ASSIGNMENT: For each line of the data below, copy it if it holds the word "expnS".

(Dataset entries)
(* The transitions reading no letter of x form, by 2-determinism,
   a partial deterministic automaton over the letters of y.  Call a word
   stalling if this automaton can read it from some state and still reach a
   state with an x-transition afterwards.  A state from which an x-transition
   is reachable reaches it within D letters, and one more letter then blocks;
   so among the words of length D+1 at least one is not readable, and
   iterating, the stalling words of length m are at most a quarter of all
   words once m is a large multiple of D+1.  By normality of y, at most half
   of the length-m blocks of y are then stalling.  While the run reads a
   non-stalling block it consumes a letter of x within m steps, because all
   states of an accepting run can still reach an x-transition.  Hence the
   number of letters of y read is linear in the number of letters of x read. *)

From mathcomp Require Import all_boot all_order all_algebra.
From mathcomp Require Import zify ring lra.
Set Implicit Arguments. Unset Strict Implicit. Unset Printing Implicit Defensive.

Lemma sum_tupleS (T : finType) m (F : seq T -> nat) :
  \sum_(u : m.+1.-tuple T) F u = \sum_(a : T) \sum_(t : m.-tuple T) F (a :: t).
Proof.
rewrite pair_big /= (reindex (fun p : T * m.-tuple T => [tuple of p.1 :: p.2])) //.
apply: onW_bij; exists (fun u : m.+1.-tuple T => (thead u, [tuple of behead u])).
- by case=> a t /=; congr pair; apply: val_inj.
- by move=> u; rewrite [RHS]tuple_eta; apply: val_inj.
Qed.

Lemma sum_tuple_cat (T : finType) j M (F : seq T -> nat) :
  \sum_(u : (j + M).-tuple T) F u =
  \sum_(w : j.-tuple T) \sum_(v : M.-tuple T) F (w ++ v).
Proof.
elim: j F => [|j IH] F.
  by rewrite (big_pred1 [tuple]) // => w; rewrite [w]tuple0 /= eq_refl.
rewrite (sum_tupleS (j + M)).
rewrite (sum_tupleS j (fun s => \sum_(v : M.-tuple T) F (s ++ v))).
by apply: eq_bigr => a _; rewrite (IH (fun s => F (a :: s))).
Qed.

Lemma eventually_forall_fin (T : finType) (P : T -> nat -> Prop) :
  (forall t, exists n0, forall n, n0 <= n -> P t n) ->
  exists n0, forall t n, n0 <= n -> P t n.
Proof.
move=> /fin_all_exists[n0 ev]; exists (\max_t n0 t) => t n le_n.
by apply: ev; apply: leq_trans le_n; apply: leq_bigmax.
Qed.

Lemma bernoulli_expn x k : x ^ k * (x + k.+1) <= (x + 1) ^ k.+1.
Proof.
elim: k => [|k IH]; first by rewrite expn0 mul1n expn1.
rewrite expnS [(x + 1) ^ k.+2]expnS.
apply: leq_trans (_ : x ^ k * ((x + 1) * (x + k.+1)) <= _).
  by move: (x ^ k) => X; nia.
by rewrite mulnCA leq_mul2l IH orbT.
Qed.

Lemma sum_divn_blocks m K (g : nat -> nat) : 0 < m ->
  \sum_(0 <= j < K * m) g (j %/ m) = m * \sum_(0 <= k < K) g k.
Proof.
move=> m0; elim: K => [|K IH]; first by rewrite mul0n !big_geq // muln0.
rewrite (big_cat_nat (n := K * m)) //=; last by rewrite mulSnr leq_addr.
rewrite IH big_nat_recr //= mulnDr; congr (_ + _).
rewrite mulSnr -{1}(add0n (K * m)) big_addn addKn big_nat_cond.
rewrite (eq_bigr (fun _ => g K)); last first.
  by move=> j /andP[/andP[_ hj] _]; rewrite divnDMl // divn_small ?add0n.
by rewrite -big_nat_cond sum_nat_const_nat subn0 mulnC.
Qed.

Lemma sum_nat_window a b n :
  \sum_(0 <= i < n) ((a <= i) && (i < b)) = minn n b - a.
Proof.
elim: n => [|n IH]; first by rewrite big_geq //; lia.
rewrite big_nat_recr //= IH.
by case: (leqP a n) => /= h1; case: (ltnP n b) => /= h2; lia.
Qed.

Section Walks.
Variables (A Q : finType) (step : Q -> A -> option Q) (final : pred Q).

Fixpoint walk (q : Q) (s : seq A) : option Q :=
  if s is a :: s' then (if step q a is Some r then walk r s' else None) else Some q.

Lemma walk_cat q s t :
  walk q (s ++ t) = if walk q s is Some r then walk r t else None.
Proof. by elim: s q => [|a s IH] q //=; case: step. Qed.

Definition step_rel : rel Q := fun p r => [exists a, step p a == Some r].

Definition live (q : Q) : bool := [exists r, connect step_rel q r && final r].

Definition exits (q : Q) (s : seq A) : bool := oapp final false (walk q s).

Definition stays (q : Q) (s : seq A) : bool := oapp live false (walk q s).

Lemma walk_connect q s r : walk q s = Some r -> connect step_rel q r.
Proof.
elim: s q => [|a s IH] q /=; first by move=> [->].
case E: step => [p|] // /IH; apply: connect_trans; apply: connect1.
by apply/existsP; exists a; rewrite E.
Qed.

Lemma liveP q : reflect (exists s, exits q s) (live q).
Proof.
apply: (iffP existsP) => [[r /andP[/connectP[p pth ->] fin]] | [s]].
  elim: p q pth {fin}(fin) => [|p1 p IH] q /=; first by exists [::].
  case/andP=> /existsP[a /eqP E] /IH{}IH /IH[s ex].
  by exists (a :: s); rewrite /exits /= E.
rewrite /exits; case E: walk => [r|] //= fin.
by exists r; rewrite (walk_connect E) fin.
Qed.

Lemma stays_live q s : stays q s -> live q.
Proof.
rewrite /stays; case E: walk => [r|] //= /existsP[p /andP[rp fin]].
by apply/existsP; exists p; rewrite (connect_trans (walk_connect E) rp) fin.
Qed.

Lemma exit_bound : exists D, forall q, live q -> exists2 s, exits q s & size s <= D.
Proof.
have /eventually_forall_fin[D exD] : forall q, exists D0, forall D, D0 <= D ->
    live q -> exists2 s, exits q s & size s <= D.
  move=> q; have [/liveP[s ex]|nlq] := boolP (live q); last by exists 0.
  by exists (size s) => D le_D _; exists s.
by exists D => q; apply: exD.
Qed.

Definition stay_count m q : nat := \sum_(u : m.-tuple A) stays q u.

Lemma stay_count_cat j M q :
  stay_count (j + M) q = \sum_(w : j.-tuple A) oapp (stay_count M) 0 (walk q w).
Proof.
rewrite /stay_count (sum_tuple_cat j M (fun s => nat_of_bool (stays q s))).
apply: eq_bigr => w _; rewrite /stays.
under eq_bigr do rewrite walk_cat.
by case: walk => [r|] //=; rewrite big1.
Qed.

Lemma stay_count0 q : stay_count 0 q <= 1.
Proof.
rewrite /stay_count (big_pred1 [tuple]) => [|w]; first by case: stays.
by rewrite [w]tuple0 /= eq_refl.
Qed.

Lemma stay_count_nonlive m q : ~~ live q -> stay_count m q = 0.
Proof.
move=> nlq; rewrite /stay_count big1 // => u _.
by case E: stays => //; rewrite (stays_live E) in nlq.
Qed.

Lemma stay_count_blocked j M H q :
  (forall r, stay_count M r <= H) -> (exists2 w : seq A, size w = j & walk q w = None) ->
  stay_count (j + M) q <= (#|A| ^ j - 1) * H.
Proof.
move=> le_H [w /eqP sz_w w_stuck].
rewrite stay_count_cat (bigD1 (Tuple sz_w)) //= w_stuck add0n.
apply: leq_trans (_ : \sum_(v | v != Tuple sz_w) H <= _).
  by apply: leq_sum => v _; case: walk.
by rewrite sum_nat_const cardC1 card_tuple subn1.
Qed.

Hypothesis final_stuck : forall q a, final q -> step q a = None.

Lemma exits_blocked D q s : 0 < #|A| -> exits q s -> size s <= D ->
  exists2 w : seq A, size w = D.+1 & walk q w = None.
Proof.
move=> /card_gt0P[a _] ex le_D; exists (s ++ nseq (D.+1 - size s) a).
  by rewrite size_cat size_nseq subnKC // ltnW.
move: ex; rewrite /exits walk_cat; case: walk => [r|] //= fin.
by rewrite subSn //= final_stuck.
Qed.

Lemma stay_count_decay D k q : 0 < #|A| ->
  (forall q, live q -> exists2 s, exits q s & size s <= D) ->
  stay_count (k * D.+1) q <= (#|A| ^ D.+1 - 1) ^ k.
Proof.
move=> A0 exD; elim: k q => [|k IH] q; first exact: stay_count0.
have [lq|nlq] := boolP (live q); last by rewrite stay_count_nonlive.
have [s ex le_D] := exD q lq.
by rewrite mulSn expnS; apply: stay_count_blocked IH _; apply: exits_blocked ex le_D.
Qed.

TASK RESULT:
rewrite expnS [(x + 1) ^ k.+2]expnS.
by rewrite mulSn expnS; apply: stay_count_blocked IH _; apply: exits_blocked ex le_D.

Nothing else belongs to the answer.